Ekwaru et al. state (I assume* "1.5 times higher" means the original weight * 1.5, rather than * 2.5):We recommend vitamin D supplementation be 2 to 3 times higher for obese subjects and 1.5 times higher for overweight subjects relative to normal weight subjects.
They mention "two to three times more" in their abstract, citing the Endocrine Society*, and note that their article is intended to provide a research basis to justify this, which the Society acknowledged was lacking.
* They are referring to this article, which remains to this day (Nov
2020) the Endocrine Society's clinical guideline for vitamin D, and which Google reports has
been cited 8,505 times:
This article recommends the IOM's mistaken 600IU RDA for all but those with obesity and those on particular medications. Their terminology regarding higher intakes for those with obesity with is messy too:
[Normal weight] . . . maintenance therapy of 1500 – 2000 IU/d. From their page 1924 restatement of rec. 3.5: 3.5 In obese patients, patients with malabsorption syndromes, and patients on medications affecting vitamin D metabolism, we suggest a higher dose (two to three times higher; at least 6000 –10,000 IU/d) of vitamin D to treat vitamin D deficiency to maintain a 25(OH)D level above 30 ng/ml, followed by maintenance therapy of at least 3000 – 6000 IU/d. They clearly mean 2 * to 3 *. Table 3 shows in the right two columns the Endocrine Society recommendations alongside the sliced and diced arrangement of the IOM, and for adults 19 years and above the daily requirement is 1500 to 2000 IU/d, with 10,000 IU being the "upper level", with nothing about obesity, since this is not an element of the IOM's recommendations. The 1133 page IOM report can be found via www.nationalacademies.org/... . Page 9 (PDF page 26) has their table of recommendations, here as a PNG. An early critique is by Robert Heaney and Michael Holick is at: https://asbmr.onlinelibrary.wiley.com/doi/pdf/10.1002/jbmr.328 . |
The average BMI of overweight people is 25 to 30 = an average of 27.5, which is 19.25 * 1.425 . So on this basis, we don't need a ratio different from the normal 1.8 ug/kg for the overweight to achieve their goal of 1.5 times the D3 intake of average weight non-overweight people.

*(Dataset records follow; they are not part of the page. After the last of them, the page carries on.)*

(* Let $\mathcal{F}$ be a class of simple graphs and consider the assertions: (1) $\mathcal{F}$ is closed under taking induced subgraphs; (2) $\equiv_{\mathcal{F}}$ is preserved under left lexicographic products, i.e.\ for all simple graphs $G,H,H'$, if $H\equiv_{\mathcal{F}}H'$ then $G\cdot H\equiv_{\mathcal{F}}G\cdot H'$; (3) $\mathrm{cl}(\mathcal{F})$ is closed under taking induced subgraphs. Then (1) implies (2), and (2) and (3) are equivalent.
   Context: All graphs are finite, undirected, without multiple edges; simple means without loops. $\hom(F,G)$ counts homomorphisms $F\to G$; $G\equiv_{\mathcal{F}}H$ means $\hom(F,G)=\hom(F,H)$ for all $F\in\mathcal{F}$; $\mathrm{cl}(\mathcal{F})$ is the class of all simple graphs $K$ such that for all simple $G,H$, $G\equiv_{\mathcal{F}}H$ implies $\hom(K,G)=\hom(K,H)$. The lexicographic product $G\cdot H$ has vertex set $V(G)\times V(H)$, with $(g,h)$ adjacent to $(g',h')$ iff either $g=g'$ and $hh'\in E(H)$, or $gg'\in E(G)$. *)

From mathcomp Require Import all_boot.
Set Implicit Arguments. Unset Strict Implicit. Unset Printing Implicit Defensive.

Record sgraph := SGraph {
  vert :> finType;
  adj : rel vert;
  adj_sym : symmetric adj;
  adj_irr : irreflexive adj }.

Definition hom (F G : sgraph) : nat :=
  #|[set f : {ffun F -> G} | [forall x : F, forall y : F, adj x y ==> adj (f x) (f y)]]|.

Definition hom_equiv (C : sgraph -> Prop) (G H : sgraph) : Prop :=
  forall F, C F -> hom F G = hom F H.

Definition cl (C : sgraph -> Prop) (K : sgraph) : Prop :=
  forall G H : sgraph, hom_equiv C G H -> hom K G = hom K H.

Definition iso (G H : sgraph) : Prop :=
  exists f : G -> H, bijective f /\ forall x y : G, adj (f x) (f y) = adj x y.

Section Induced.
Variables (G : sgraph) (S : {set G}).
Definition ind_vert : finType := {x : G | x \in S}.
Definition ind_adj : rel ind_vert := fun x y => adj (val x) (val y).
Lemma ind_adj_sym : symmetric ind_adj.
Proof. by move=> x y; rewrite /ind_adj adj_sym. Qed.
Lemma ind_adj_irr : irreflexive ind_adj.
Proof. by move=> x; rewrite /ind_adj adj_irr. Qed.
Definition induced : sgraph := SGraph ind_adj_sym ind_adj_irr.
End Induced.

Definition induced_closed (C : sgraph -> Prop) : Prop :=
  forall F : sgraph, C F -> forall (S : {set F}) (K : sgraph), iso K (induced S) -> C K.

Section Lex.
Variables (G H : sgraph).
Definition lex_adj : rel (G * H)%type :=
  fun u v => ((u.1 == v.1) && adj u.2 v.2) || adj u.1 v.1.
Lemma lex_adj_sym : symmetric lex_adj.
Proof. by move=> [g h] [g' h']; rewrite /lex_adj /= eq_sym adj_sym (adj_sym g). Qed.
Lemma lex_adj_irr : irreflexive lex_adj.
Proof. by move=> [g h]; rewrite /lex_adj /= !adj_irr andbF. Qed.
Definition lexprod : sgraph := SGraph lex_adj_sym lex_adj_irr.
End Lex.

Definition lex_preserved (C : sgraph -> Prop) : Prop :=
  forall G H H' : sgraph, hom_equiv C H H' -> hom_equiv C (lexprod G H) (lexprod G H').

From mathcomp Require Import all_boot zify.
Set Implicit Arguments. Unset Strict Implicit. Unset Printing Implicit Defensive.

(* A homomorphism F -> G.Y is a pair (phi, psi) where phi : F -> G maps each
   edge to an edge or collapses it, and psi : F -> Y only has to preserve the
   edges inside the fibres of phi. Counting the psi fibre by fibre shows that
   hom(F, G.Y) depends on Y only through the numbers hom(F[T], Y), which gives
   (1) => (2) and (3) => (2).
   Conversely, let K be in cl(C), G =_C H, and n_Y(phi) the number of psi for Y.
   With the complete graph on V(K) on the left every phi : V(K) -> V(K) is
   allowed, and n is multiplicative for the categorical product, so (2) applied
   to G x X =_C H x X gives sum_phi n_G(phi) n_X(phi) = sum_phi n_H(phi) n_X(phi)
   for every X; X = G and X = H force n_G = n_H. For phi collapsing S to a point
   and injective elsewhere, n_Y(phi) = hom(K[S], Y) |Y|^(|K| - |S|). *)

Section FfunBijections.
Variables (V W : finType).

Definition ffun_res (S : {set V}) (f : {ffun V -> W}) : {ffun {x | x \in S} -> W} :=
  [ffun u => f (val u)].

Variable T : {set V}.

Definition ffun_glue (p : {ffun {x | x \in T} -> W})
    (q : {ffun {x | x \in ~: T} -> W}) : {ffun V -> W} :=
  [ffun x => (if x \in T as b return (x \in T) = b -> W
              then fun xT => p (exist _ x xT)
              else fun xT => q (exist _ x (etrans (in_setC x T) (negbT xT))))
             (erefl _)].

Lemma ffun_split_bij :
  bijective (fun f : {ffun V -> W} => (ffun_res T f, ffun_res (~: T) f)).
Proof.
exists (fun pq => ffun_glue pq.1 pq.2) => [f | [p q]].
  apply/ffunP => x; rewrite !ffunE.
  by move: (erefl (x \in T)); case: {2 3}(x \in T) => xT; rewrite ffunE.
congr pair; apply/ffunP => -[x xS]; rewrite !ffunE /=;
  move: (erefl (x \in T)); case: {2 3}(x \in T) => xT.
- by congr (p _); apply: val_inj.
- by exfalso; move: xS; rewrite xT.
- by exfalso; move: xS; rewrite inE xT.
- by congr (q _); apply: val_inj.
Qed.

Lemma card_ffun_split (P : pred {ffun {x | x \in T} -> W})
    (Q : pred {ffun {x | x \in ~: T} -> W}) :
  #|[set f : {ffun V -> W} | P (ffun_res T f) && Q (ffun_res (~: T) f)]| =
  #|[set p | P p]| * #|[set q | Q q]|.
Proof.
rewrite -cardsX -(on_card_preimset (onW_bij _ ffun_split_bij)).
by apply: eq_card => f; rewrite !inE.
Qed.

End FfunBijections.

Section FfunPairs.
Variables (V A B : finType).

Definition unzip_ffun (f : {ffun V -> A * B}) : {ffun V -> A} * {ffun V -> B} :=
  ([ffun x => (f x).1], [ffun x => (f x).2]).

Lemma unzip_ffun_bij : bijective unzip_ffun.
Proof.
exists (fun pq : {ffun V -> A} * {ffun V -> B} =>
  [ffun x => (pq.1 x, pq.2 x)] : {ffun V -> A * B}) => [f | [p q]].
  by apply/ffunP => x; rewrite !ffunE; case: (f x).
by congr pair; apply/ffunP => x; rewrite !ffunE.
Qed.

Lemma card_ffun_pair (P : pred ({ffun V -> A} * {ffun V -> B})) :
  #|[set f | P (unzip_ffun f)]| = #|[set pq | P pq]|.
Proof.
rewrite -(on_card_preimset (onW_bij _ unzip_ffun_bij)).
by apply: eq_card => f; rewrite !inE.
Qed.

End FfunPairs.

Lemma card_dep_pairs (A B : finType) (P : pred A) (Q : A -> pred B) :
  #|[set ab : A * B | P ab.1 && Q ab.1 ab.2]| = \sum_(a | P a) #|[set b | Q a b]|.
Proof.
rewrite -sum1dep_card -(pair_big_dep P Q (fun _ _ => 1)) /=.
by apply: eq_bigr => a _; rewrite sum1dep_card.
Qed.

Definition preserves (V : finType) (Y : sgraph) (R : rel V) (f : V -> Y) : bool :=
  [forall x, forall y, R x y ==> adj (f x) (f y)].

Definition hom_rel (V : finType) (R : rel V) (Y : sgraph) : nat :=
  #|[set f : {ffun V -> Y} | preserves R f]|.

Definition restr_rel (V : finType) (S : {set V}) (R : rel V) : rel {x | x \in S} :=
  fun u v => R (val u) (val v).
Arguments restr_rel {V} S R.

Section RelationHoms.
Variable V : finType.

Lemma eq_hom_rel Y (R1 R2 : rel V) : R1 =2 R2 -> hom_rel R1 Y = hom_rel R2 Y.
Proof.
move=> eqR; apply: eq_card => f; rewrite !inE.
by apply: eq_forallb => x; apply: eq_forallb => y; rewrite eqR.
Qed.

Lemma hom_rel_le (R : rel V) Y : hom_rel R Y <= #|Y| ^ #|V|.
Proof. by rewrite -card_ffun max_card. Qed.

Lemma hom_rel0 Y : hom_rel (fun _ _ : V => false) Y = #|Y| ^ #|V|.
Proof.
rewrite -card_ffun; apply: eq_card => f; rewrite !inE.
by apply/forallP => x; apply/forallP.
Qed.

Lemma hom_rel_split (T : {set V}) (R : rel V) Y :
    (forall x y, R x y -> (x \in T) = (y \in T)) ->
  hom_rel R Y = hom_rel (restr_rel T R) Y * hom_rel (restr_rel (~: T) R) Y.
Proof.
move=> RT; rewrite /hom_rel -card_ffun_split; apply: eq_card => f; rewrite !inE.
apply/idP/andP => [/forallP Rf | [/forallP RfT /forallP RfC]].
  by split; apply/forallP => u; apply/forallP => v;
    rewrite !ffunE; apply: (forallP (Rf _)).
apply/forallP => x; apply/forallP => y; apply/implyP => Rxy.
case: (boolP (x \in T)) => xT.
  have yT : y \in T by rewrite -(RT _ _ Rxy).
  have /forallP/(_ (exist _ y yT))/implyP := RfT (exist _ x xT).
  by rewrite !ffunE; apply.
have xC : x \in ~: T by rewrite inE.
have yC : y \in ~: T by rewrite inE -(RT _ _ Rxy).
have /forallP/(_ (exist _ y yC))/implyP := RfC (exist _ x xC).
by rewrite !ffunE; apply.
Qed.

Lemma hom_rel_eq0 (R : rel V) (Y : sgraph) : #|Y| ^ #|V| = 0 -> hom_rel R Y = 0.
Proof. by move=> Y0; apply/eqP; rewrite -leqn0 -Y0 hom_rel_le. Qed.

Lemma hom_rel_card0 (R : rel V) Y : #|V| = 0 -> hom_rel R Y = 1.
Proof.
move=> V0; have R0 : R =2 (fun _ _ => false) by move=> x; have := card0_eq V0 x.
by rewrite (eq_hom_rel Y R0) hom_rel0 V0.
Qed.

End RelationHoms.

Section DisjointUnion.
Variable V : finType.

Obesity is open ended: BMI > 30. If we take the mid-point
of another step of 5 upwards, this is 32.5 as the low end of
obesity = 19.25 * 1.69 .
To match this with their low end target of 2 times the average weight D3
intake, we need a ratio (2.0 / 1.69) = 1.1834 * the base ratio
of 1.8ug/kg = 2.13g/kg .
I guess that the average high end of obesity is another 5 above this: 37.5 = 19.25 * 1.948. Ekwaru et al. suggest these people need 3 times the average weight D3 intake, so we need a ratio (3.0 / 1.948) = 1,54 * 1.8ug/kg = 2.77ug/kg.
So I chose 1.8ug/kg for normal and overweight people, with 2.5ug/kg for those with obesity, with a note that those suffering from morbid obesity require medical care and probably still higher ratios of D3 per kg body weight.
Since there is such a high safety margin, since some people may
benefit from higher intakes and since aiming for 50ng/ml means
half the people will have less than this, I suggest that these
two ratios: 1.8ug/kg and 2.5ug/kg be the base
recommendation, with upper ratios being twice
these.
There's no research justification for this - but it is
convenient, and has the property of adding about another 10ng/ml
to the resulting average 25OHD levels, as you can see from the curves.
That would match with the widely stated belief - backed up by all observations - that for average weight adults, 0.25mg (10,000IU) is well below an intake where toxicity might be a concern.